Vienna University of Economics and Business

Proponiamo un estratto del saggio “Financial regulators and sustainable development” di Emanuele Campiglio, direttore dell’area di ricerca in “Climate Economics and Finance” presso la Vienna University of Economics and Business, dal Rapporto di ricerca Rules of Utopia.

Di fronte alle minacce del cambiamento climatico e le conseguenze non soltanto ambientali, ma anche sociali ed economiche, diventa necessario agire per modificare il nostro modello di società. Dentro questa cornice di cambiamenti è cruciale, come segnala Campiglio, la transizione verso un modello sostenibile grazie a tecnologie a basse emissioni che, tuttavia, rimangono ancora marginali nella nostra società. La sostituzione, infatti, del vecchio sistema economico-industriale fondato sui combustibili fossili è lontana nella maggioranza dei settori e gli operatori economici non sembrano intenzionati a scommettere sulle nuove tecnologie a basse emissioni.

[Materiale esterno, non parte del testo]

(* In the setting below, the family $\mathcal{L}=\textsc{MakeLam}(1,n,0,0)$ is a laminar family of $4\eta$-near minimum cuts of $G$ (with $\eta=\tfrac1{40}$).
   Context: Let $G=(V,E)$ be a multigraph with minimum cut value $k$; $\delta(S)$ is the set of edges with exactly one endpoint in $S$. For $\eta>0$, a cut $\emptyset\ne S\subsetneq V$ is an $\eta$-near minimum cut ($\eta$-NMC) if $|\delta(S)|<(1+\eta)k$ (a cut is identified with either shore). Cuts $S,T$ cross if $S\cap T,S\setminus T,T\setminus S,V\setminus(S\cup T)$ are all nonempty. A connected component $\mathcal{C}$ of $\eta$-NMCs is a connected component of the graph on $\eta$-NMCs in which crossing cuts are adjacent; its atoms $\mathcal{A}(\mathcal{C})$ form the coarsest partition of $V$ such that each cut of $\mathcal{C}$ is a union of atoms. Fix $\eta=\tfrac1{40}$ and a connected component $\mathcal{C}$ with $|\mathcal{C}|>1$, together with a polygon representation of $\mathcal{C}$ (Benczúr–Goemans): a convex regular polygon with vertices $p_0,\dots,p_{n-1}$ and straight-line diagonals partitioning it into cells; each atom is mapped to a cell; atoms in cells bounded by part of the polygon boundary are outside atoms, the others inside atoms; no cell has more than one incident polygon side; each diagonal defines a cut whose sides are the unions of atoms on the two sides of the diagonal, and these cuts are exactly $\mathcal{C}$. The outside atoms are $a_0,\dots,a_{n-1}$ in counterclockwise order, $a_i$ on side $(p_i,p_{i+1})$ (indices mod $n$, $a_n=a_0$). $O(S)$ is the set of outside atoms contained in $S$. For $1\le l<r\le n$, the interval $\langle l,r\rangle=\{a_l,\dots,a_{r-1}\}$. It is a shadow if there is a $\tfrac15$-NMC $S$, a union of atoms of $\mathcal{C}$, with $O(S)=\langle l,r\rangle$; this $S$ is known to be unique and is the canonical cut $\langle\langle l,r\rangle\rangle$; two canonical cuts cross iff their intervals cross. A shadow is a near minimum interval (NMI) if its canonical cut is an $\eta$-NMC. A canonical cut $S$ is special if (i) $S$ is an $\eta$-NMC, or (ii) there are two crossing canonical cuts $A',B'$, both $\eta$-NMCs, with $S\in\{A'\cap B',A'\cup B',A'\setminus B',B'\setminus A'\}$; an interval is special if it is a shadow with special canonical cut. The recursive procedure $\textsc{MakeLam}(L,R,d,u)$ (integers $L,R$, depth $d$, counter $u$) returns a family of cuts as follows. If $L\ge R$, return $\emptyset$. Else if $u\ge2$, return $\textsc{MakeLam}(L+1,R,d+1,0)$. Otherwise set $F=\{\langle\langle L,R\rangle\rangle\}$ if $\langle L,R\rangle$ is a special interval or is the set difference of two crossing special intervals, and $F=\emptyset$ otherwise. If $d$ is even, let $x_1<\dots<x_m$ be the integers $x$ with $L<x\le R$ such that $\langle L,x\rangle$ is special, and set $x_0=L$, $x_{m+1}=R$; if $m\ge1$ return $F\cup\{\langle\langle L,x_i\rangle\rangle:1\le i\le m\}\cup\bigcup_{i=0}^m\textsc{MakeLam}(x_i,x_{i+1},d+1,0)$, and if $m=0$ return $\textsc{MakeLam}(L,R,d+1,u+1)$. If $d$ is odd, let $x_1<\dots<x_m$ be the integers $x$ with $L\le x<R$ such that $\langle x,R\rangle$ is special, $x_0=L$, $x_{m+1}=R$; if $m\ge1$ return $F\cup\{\langle\langle x_i,R\rangle\rangle:1\le i\le m\}\cup\bigcup_{i=0}^m\textsc{MakeLam}(x_i,x_{i+1},d+1,0)$, and if $m=0$ return $\textsc{MakeLam}(L,R,d+1,u+1)$.
   Formalization: $\mathcal{L}$ is the least family of cuts closed under the recursive clauses of MakeLam, not the family its recursion returns, and the stated known facts on canonical cuts (uniqueness, crossing iff intervals cross) are hypotheses. Each condition added here is assumed in the paper as well or is needed for the statement above to hold. *)

From HB Require Import structures.
From mathcomp Require Import all_boot all_order all_algebra.
From mathcomp Require Import reals trigo.
Set Implicit Arguments. Unset Strict Implicit. Unset Printing Implicit Defensive.
Import Order.TTheory GRing.Theory Num.Theory.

Le cause, secondo l’autore, sono molteplici: una prospettiva a corto raggio tipica del mercato, mancanza di impegno politico e linee-guida a livello normativo, analisi macroeconomiche incomplete sulle conseguenze dei rischi dovuti al cambiamento climatico per le imprese. Una serie di ostacoli, dunque, che renderanno necessario, secondo Campiglio, l’intervento pubblico per una trasformazione tecnologica su larga scala.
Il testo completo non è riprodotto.